When you’re on the road so much, installing tracking software on your devices is an essential security measure. Tracking software, such as ‘Find My iPhone’ for iOS devices or ‘Find My Device’ for Android, helps locate lost or stolen devices by showing their real-time or last known locations on a map. It’s important to familiarize oneself with these services before an unfortunate event occurs. This involves not just installing the software but also understanding its features, such as remotely locking the device, displaying a message on the lock screen, or even erasing data in case it’s irretrievable. Provide clear instructions on how to activate and use these features, emphasizing that immediate action can significantly increase the chances of recovering a lost device.

Use Secure Passwords and Two-Factor Authentication

Strong, unique passwords are the first line of defense in protecting digital accounts and personal data. Encourage readers to create complex passwords that are difficult to guess and to avoid using the same password across multiple sites or services. Password managers can be a great aid in generating and storing these passwords securely. Additionally, two-factor authentication (2FA) adds an extra layer of security. This method requires not only a password and username but also something the user has on them, typically a mobile device. With 2FA, even if a password is compromised, unauthorized users are unlikely to gain access to an account. 

Get Nomad Insurance

All the other advice I’ve given you can help you reduce the risk of something bad happening, but only insurance can give you true peace of mind with regards to the cost of replacement. 

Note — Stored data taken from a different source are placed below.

(* Let $T$ be a linear operator in $H$ with $W(T)=\mathbb C$. (i) Let $x,y\in\operatorname{dom}(T)$, $\|x\|=\|y\|=1$, be linearly independent. Then, for all but at most three $t\in\mathbb C$, \[ W\big(T|_{(y+tx)^\perp\cap\operatorname{dom}(T)}\big)=\mathbb C. \] (ii) Let $y\in\operatorname{dom}(T)$, $\|y\|=1$, be such that $\{y\}^\perp\cap\operatorname{dom}(T)\neq\{0\}$. Then for every $\varepsilon>0$ there exists $w_\varepsilon\in\operatorname{dom}(T)$ with $\|w_\varepsilon\|=1$, \[ W\big(T|_{\{w_\varepsilon\}^\perp\cap\operatorname{dom}(T)}\big)=\mathbb C\quad\text{and}\quad|\langle Tw_\varepsilon,w_\varepsilon\rangle-\langle Ty,y\rangle|<\varepsilon. \]
   Context: $H$ is a separable infinite-dimensional complex Hilbert space; $T$ need not be closed, closable or densely defined. $W(T)=\{\langle Tx,x\rangle:x\in\operatorname{dom}(T),\|x\|=1\}$; for a subspace $M\subset\operatorname{dom}(T)$, $T|_M$ is the restriction of $T$ to $M$, so $W(T|_M)=\{\langle Tx,x\rangle:x\in M,\|x\|=1\}$. *)

From HB Require Import structures.
From mathcomp Require Import all_boot all_order all_algebra.
From mathcomp Require Import complex.
From mathcomp Require Import reals.
Set Implicit Arguments. Unset Strict Implicit. Unset Printing Implicit Defensive.
Import Order.TTheory GRing.Theory Num.Theory.
Local Open Scope ring_scope.

Record Hilbert (R : realType) (H : lmodType R[i]) := {
  ip : H -> H -> R[i];
  ip_linl : forall (a : R[i]) (x y z : H), ip (a *: x + y) z = a * ip x z + ip y z;
  ip_conj : forall x y : H, ip y x = (ip x y)^*;
  ip_ge0 : forall x : H, 0 <= ip x x;
  ip_def : forall x : H, ip x x = 0 -> x = 0;
  ip_complete : forall u : nat -> H,
    (forall e : R, 0 < e -> exists N : nat, forall m n : nat, (N <= m)%N -> (N <= n)%N ->
        ip (u m - u n) (u m - u n) < (e%:C)%C) ->
    exists l : H, forall e : R, 0 < e -> exists N : nat, forall n : nat, (N <= n)%N ->
        ip (u n - l) (u n - l) < (e%:C)%C;
  ip_separable : exists d : nat -> H, forall (x : H) (e : R), 0 < e ->
    exists n : nat, ip (x - d n) (x - d n) < (e%:C)%C;
  ip_infdim : forall (n : nat) (v : 'I_n -> H), exists x : H,
    forall c : 'I_n -> R[i], x <> \sum_(i < n) c i *: v i
}.

(* A linear operator in H: a (not necessarily closed or dense) linear
   subspace dom of H and a map T that is linear on dom (values of T outside
   dom are irrelevant). *)
Record LinOp (R : realType) (H : lmodType R[i]) := {
  dom : H -> Prop;
  op : H -> H;
  dom0 : dom 0;
  domD : forall x y, dom x -> dom y -> dom (x + y);
  domZ : forall (a : R[i]) x, dom x -> dom (a *: x);
  op_lin : forall (a : R[i]) x y, dom x -> dom y -> op (a *: x + y) = a *: op x + op y
}.

Definition numrange (R : realType) (H : lmodType R[i]) (HS : Hilbert H)
  (T : LinOp H) (M : H -> Prop) : R[i] -> Prop :=
  fun z => exists x : H, M x /\ ip HS x x = 1 /\ ip HS (op T x) x = z.

Definition numrange_full (R : realType) (H : lmodType R[i]) (HS : Hilbert H)
  (T : LinOp H) (M : H -> Prop) : Prop :=
  forall z : R[i], numrange HS T M z.

Definition perp_dom (R : realType) (H : lmodType R[i]) (HS : Hilbert H)
  (T : LinOp H) (v : H) : H -> Prop :=
  fun z => dom T z /\ ip HS z v = 0.

(* When W(T|_M) <> C for a subspace M of dom(T), convexity of W(T|_M)
   (Toeplitz-Hausdorff) puts it in a half-plane: Re (om <Tu,u>) <= c ||u||^2 on M
   for some om <> 0.  If this happens on v1^perp and on v2^perp for independent
   v1, v2, write u in dom(T) as n + a p1 + b p2 with n in v1^perp /\ v2^perp and
   p1, p2 a dual pair, and compare (om1 + om2) <Tu,u> with om1 <Tm1,m1> +
   om2 <Tm2,m2> for suitable m1 in v1^perp, m2 in v2^perp: the terms <Tn,n> and
   <Tn,p_i>, which ||u|| does not control, cancel.  So W(T) lies in a half-plane
   with normal om1 + om2, and W(T) = C forces om1 + om2 = 0.  Three exceptional
   values of t would give three nonzero om's with pairwise vanishing sums; hence
   (i), even with at most two exceptions.  For (ii), normalise y + r x, where x
   is a unit vector orthogonal to y and r > 0 is small and not exceptional. *)

From HB Require Import structures.
From mathcomp Require Import all_boot all_order all_algebra.
From mathcomp Require Import complex reals.
From mathcomp Require Import ring lra.
From Stdlib Require Import Classical.
From mathcomp Require Import classical_sets.
Import Order.TTheory GRing.Theory Num.Theory.
Local Open Scope ring_scope.
Set Implicit Arguments. Unset Strict Implicit. Unset Printing Implicit Defensive.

Personally, even before SafetyWing introduced Nomad Insurance 2.0, I saw them as pretty much the only travel medical insurance option that I felt was tailored to my digital nomad lifestyle. Now that they’ve updated their policy to cover up to US$1,000 per stolen electronic, I’m fairly satisfied that I won’t feel a huge financial hit should one of my devices get stolen. Note that this coverage includes laptops, phones, cameras, and any other electronics.

Thankfully, getting started with SafetyWing is really easy. There isn’t a bunch of annoying bureaucratic paperwork, and I like that they’ve made their claims process a lot more streamlined with their latest update. Click the link to get covered.

If you are a US resident, please be aware that this product is currently unavailable. However, we anticipate its availability in the coming months.

Be Aware of Your Surroundings

When I’m in a foreign country, I’m usually a lot more vigilant. However, I’m aware that street theft is practically an art form in some locales, so I might not be able to beat them. The general rule of thumb is that if other locals have their devices out on a particular street or in a particular cafe, then you can too. That said, I wouldn’t leave my device alone when I go to the bathroom unless I’m already familiar with the cafe, and the people who work there, and I’ve seen others leave their belongings alone myself.

digital thief
Thieves can show up in the most unexpected places

Educate Yourself About Common Scams

Every destination has its own unique scams. You should take a look at the types of thievery practices that are common before you arrive at your destination. That way, you can minimize the chances of putting yourself into a scenario where theft is highly probable.

What To Do When The Worst Actually Happens

If you get your electronics stolen, you basically don’t have any time to lose. I would recommend messaging anyone you have commitments with about your situation as soon as possible. Afterward, take a deep breath, stay calm, and get to work rectifying the situation with the following tips. 

Change Passwords

If your electronic device is lost or stolen, one of your first actions should be to change the passwords of all accounts accessed through the device. This is crucial for preventing unauthorized access to your personal and sensitive information. Prioritize changing passwords for the most critical accounts first, such as your email, banking apps, and social media profiles. 

Use strong, unique passwords for each account, and consider using a password manager to keep track of them. If available, enable two-factor authentication for an added layer of security. This process not only protects your accounts but also helps minimize the potential damage in case your device falls into the wrong hands.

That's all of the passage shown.